Il modello britannico è quello dove i treni costano di più. Però il funzionamento è questo: prima si prenota il biglietto e meno lo si paga. E dipende anche dagli orari di punta se si spende meno. Acquistandolo in stazione per il giorno stesso, un biglietto da Londra a Sheffield (265 km) costa 123 euro contro i 43 che si spendono in Italia per andare da Roma a Firenze (260 km). Ma se si prenota con un mese d’anticipo, il prezzo crolla a 14,8 euro. In Italia ne servono 29. Dal confronto emerge che da noi i biglietti costano di meno, ma gli altri tre paesi vengono tutti molto prima della Penisola nella classifica dell’efficienza: come a dire, la qualità dei servizi si paga.

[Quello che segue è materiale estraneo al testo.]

(* There is a polynomial $P$ such that for every MEMDP $\Gamma=(Q,A,E,(\delta_e)_{e\in E})$ with rational transition probabilities there is a function $\varepsilon\mapsto m(\Gamma,\varepsilon)\in\mathbb N$ satisfying, for all $0<\varepsilon<1$, $m(\Gamma,\varepsilon)\le P(k,2^l,x)$ where $k=|E|$, $l$ is the maximum number of bits needed to write any transition probability of $\Gamma$ (numerator and denominator in binary), and $x=\lceil\log_2(1/\varepsilon)\rceil$; and such that for every prior $b\in\mathcal D(E)$, every state $q\in Q$, every strategy $\sigma\in\mathrm{Strat}(Q,A)$ and every environment $e\in E$: $$\mathbb P^\sigma_q\big[\Gamma[e],\ \{\rho:\mathrm{nb}_{\mathrm{dstg}}(\rho)\ge m(\Gamma,\varepsilon)\}\cap \mathrm{NeverSmallBelief}(b,\varepsilon)\big]\le\varepsilon .$$
   Context: For a set $X$, $\mathcal D(X)$ is the set of distributions on $X$ (countable support, summing to 1). An MDP is $G=(Q,A,\delta)$ with $Q,A$ finite non-empty and $\delta:Q\times A\to\mathcal D(Q)$; finite runs are in $Q\cdot(A\cdot Q)^*$, infinite runs in $(Q\cdot A)^\omega$; a strategy is $\sigma:Q\cdot(A\cdot Q)^*\to\mathcal D(A)$, and $\mathbb P^\sigma_q[G,\cdot]$ is the induced probability measure on infinite runs from $q$ (the cylinder of $q_0(a_1,q_1)\cdots(a_n,q_n)$ has probability $[q_0=q]\prod_i\sigma(\text{prefix up to }q_{i-1})(a_i)\delta(q_{i-1},a_i)(q_i)$). An MEMDP is $\Gamma=(Q,A,E,(\delta_e)_{e\in E})$ with $E$ finite non-empty and each $\Gamma[e]=(Q,A,\delta_e)$ an MDP. A pair $(q,a)$ is $(e,e')$-distinguishing ($e\ne e'$) if $\delta_e(q,a)\ne\delta_{e'}(q,a)$; $\mathrm{Dstg}(\Gamma)$ is the set of pairs that are $(e,e')$-distinguishing for some $e\ne e'$. Belief update: for $b\in\mathcal D(E)$, $p[b,q,a](q'):=\sum_e b(e)\delta_e(q,a)(q')$, and if $p[b,q,a](q')>0$, $\lambda[b,q,a,q'](e):=b(e)\delta_e(q,a)(q')/p[b,q,a](q')$ (arbitrary distribution otherwise). The likelihood map is $\mathrm{lk}_b(q):=b$ and $\mathrm{lk}_b(\rho\cdot(a,q')):=\lambda[\mathrm{lk}_b(\rho),\mathrm{last}(\rho),a,q']$. For an infinite run $\rho$, $\mathrm{nb}_{\mathrm{dstg}}(\rho)\in\mathbb N\cup\{\infty\}$ is the number of positions $i$ with $(q_i,a_i)\in\mathrm{Dstg}(\Gamma)$, writing $\rho=(q_0,a_0)(q_1,a_1)\cdots$. $\mathrm{NeverSmallBelief}(b,\varepsilon)$ is the set of infinite runs all of whose finite prefixes $\pi\in Q\cdot(A\cdot Q)^*$ satisfy $\mathrm{lk}_b(\pi)(e')>\varepsilon$ for all $e'\in E$. *)

From HB Require Import structures.
From mathcomp Require Import all_boot all_order all_algebra.
From mathcomp Require Import all_classical all_reals.
From mathcomp Require Import measure.
From mathcomp Require Import Rstruct.
From Stdlib Require Rdefinitions.

Set Implicit Arguments.
Unset Strict Implicit.
Unset Printing Implicit Defensive.

Import Order.TTheory GRing.Theory Num.Theory.
Local Open Scope ring_scope.
Local Open Scope classical_set_scope.

Definition R := Rdefinitions.R.

(* A polynomial is a finite list of monomials (c, (i, j, h)) meaning c * X^i * Y^j * Z^h. *)
Definition poly3 := seq (nat * (nat * nat * nat)).
Definition eval_poly3 (P : poly3) (X Y Z : nat) : nat :=
  \sum_(mo <- P) mo.1 * X ^ mo.2.1.1 * Y ^ mo.2.1.2 * Z ^ mo.2.2.

(* number of bits of the binary representation of a natural number (0 is written "0") *)
Definition bitlen (n : nat) : nat := if n == 0%N then 1%N else (trunc_log 2 n).+1.
Definition rat_bits (r : rat) : nat := (bitlen (absz (numq r)) + bitlen (absz (denq r)))%N.

Definition ceil_log2_inv (eps : R) : nat :=
  if pselect (exists n : nat, eps^-1 <= 2 ^+ n) is left h then ex_minn h else 0%N.

Section MEMDP.
Variables (Q A E : finType).
(* delta e q a q' : probability to go to q' when playing a in q, in environment e *)
Variable delta : E -> Q -> A -> Q -> rat.

Definition is_distr (T : finType) (d : T -> R) : Prop :=
  (forall t, 0 <= d t) /\ \sum_(t : T) d t = 1.

Definition is_memdp : Prop :=
  (0 < #|Q|)%N /\ (0 < #|A|)%N /\ (0 < #|E|)%N /\
  forall e q a, (forall q', 0 <= delta e q a q') /\ \sum_(q' : Q) delta e q a q' = 1.

Definition max_bits : nat :=
  \max_(e : E) \max_(q : Q) \max_(a : A) \max_(q' : Q) rat_bits (delta e q a q').

Definition dstg (qa : Q * A) : bool :=
  [exists e : E, exists e' : E,
     (e != e') && [exists q' : Q, delta e qa.1 qa.2 q' != delta e' qa.1 qa.2 q']].

(* finite runs q0 (a1,q1) ... (an,qn) *)
Definition frun := (Q * seq (A * Q))%type.
(* infinite runs (q0,a0)(q1,a1)... *)
Definition irun := nat -> Q * A.

Definition prefix (rho : irun) (n : nat) : frun :=
  ((rho 0%N).1, [seq ((rho i).2, (rho i.+1).1) | i <- iota 0 n]).

(* nb_dstg(rho) >= m  (nb_dstg in N u {oo}) *)
Definition dstg_count (rho : irun) (n : nat) : nat :=
  count (fun i => dstg (rho i)) (iota 0 n).
Definition nb_dstg_ge (rho : irun) (m : nat) : Prop :=
  exists n, (m <= dstg_count rho n)%N.

(* belief update; [dflt] is the arbitrary distribution used when p[b,q,a](q') = 0 *)
Variable dflt : (E -> R) -> Q -> A -> Q -> (E -> R).
Definition pb (b : E -> R) (q : Q) (a : A) (q' : Q) : R :=
  \sum_(e : E) b e * ratr (delta e q a q').
Definition lam (b : E -> R) (q : Q) (a : A) (q' : Q) : E -> R :=
  if 0 < pb b q a q' then fun e => b e * ratr (delta e q a q') / pb b q a q'
  else dflt b q a q'.
Definition lk (b : E -> R) (pi : frun) : E -> R :=
  (foldl (fun bq aq => (lam bq.1 bq.2 aq.1 aq.2, aq.2)) (b, pi.1) pi.2).1.

Definition NeverSmallBelief (b : E -> R) (eps : R) : set irun :=
  [set rho | forall n (e' : E), eps < lk b (prefix rho n) e'].

Definition strategy := frun -> A -> R.
Definition is_strategy (sigma : strategy) : Prop := forall pi, is_distr (sigma pi).

Definition cyl_prob (e : E) (sigma : strategy) (q : Q) (pi : frun) : R :=
  (pi.1 == q)%:R *
  \prod_(i < size pi.2)
     (let st := last pi.1 (map snd (take i pi.2)) in
      let aq := tnth (in_tuple pi.2) i in
      sigma (pi.1, take i pi.2) aq.1 * ratr (delta e st aq.1 aq.2)).
End MEMDP.

(* the (pointed) type of infinite runs; the point is irrelevant, needed by the library *)
Definition RunT (Q A : finType) (x0 : Q * A) := irun Q A.
Arguments RunT {Q A} x0.
HB.instance Definition _ (Q A : finType) (x0 : Q * A) :=
  Choice.on (RunT x0).
HB.instance Definition _ (Q A : finType) (x0 : Q * A) :=
  isPointed.Build (RunT x0) (fun _ => x0).

Definition cylinder (Q A : finType) (x0 : Q * A) (pi : frun Q A) : set (RunT x0) :=
  [set rho | prefix rho (size pi.2) = pi].
Arguments cylinder {Q A} x0 pi.
Definition cylinders (Q A : finType) (x0 : Q * A) : set (set (RunT x0)) :=
  [set C | exists pi, C = cylinder x0 pi].
Arguments cylinders {Q A} x0.
Definition RunSpace (Q A : finType) (x0 : Q * A) := g_sigma_algebraType (cylinders x0).
Arguments RunSpace {Q A} x0.

(* mu is the probability measure P^sigma_q[Gamma[e], .] on infinite runs,
   characterized by its values on cylinders *)
Definition is_run_measure (Q A E : finType) (delta : E -> Q -> A -> Q -> rat)
  (x0 : Q * A) (e : E) (sigma : strategy Q A) (q : Q)
  (mu : {measure set (RunSpace x0) -> \bar R}) : Prop :=
  mu setT = 1%E /\
  forall pi : frun Q A, mu (cylinder x0 pi) = (cyl_prob delta e sigma q pi)%:E.
Arguments is_run_measure {Q A E} delta x0 e sigma q mu.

In Italia il servizio Pendolaria invece disegna un Paese a due velocità. Da un lato l’Alta Velocità garantisce buoni standard di qualità, dall’altro il trasporto locale che invece fa scendere di molto lo standard. Nel 2012 “sono molte le Regioni che hanno deciso di tagliare i servizi (corse e treni) e di aumentare il costo di biglietti ed abbonamenti”. Qualche esempio: in Campania i tagli “hanno toccato il 90% dei treni sulla Napoli-Avellino e il 40% sulla Circumvesuviana”. Sono stati del 15% in Puglia e del 10% in AbruzzoCalabriaCampania Liguria“. Nel frattempo “il prezzo del biglietto è aumentato negli ultimi 2 anni”: +20% in Abruzzo e Toscana, + 15% nel Lazio, +10% in Liguria. “Aumenti che si vanno a sommare a quelli del 2011 in Campania, Emilia-Romagna, Liguria, Piemonte, Veneto e in Lombardia dove le tariffe erano salite del 23,4 per cento. Considerando l’insieme delle Regioni l’aumento medio è stato del 10%”.

Il treno dei paesi avanzati resta lontana. Analizzando uno studio dello European Railway Performance Index 2012 il Regno Unito si trova in settima posizione. Nel gruppo di seconda fascia c’è anche l’Italia. Ma tra i treni inglesi e quelli italiani c’è molta differenza. Oggi i bilanci degli operatori britannici sono costituiti per il 58% dalla vendita dei biglietti e il 32% dai finanziamenti statali. In Italia avviene l’esatto contrario: 34% dai biglietti, 66% dallo Stato.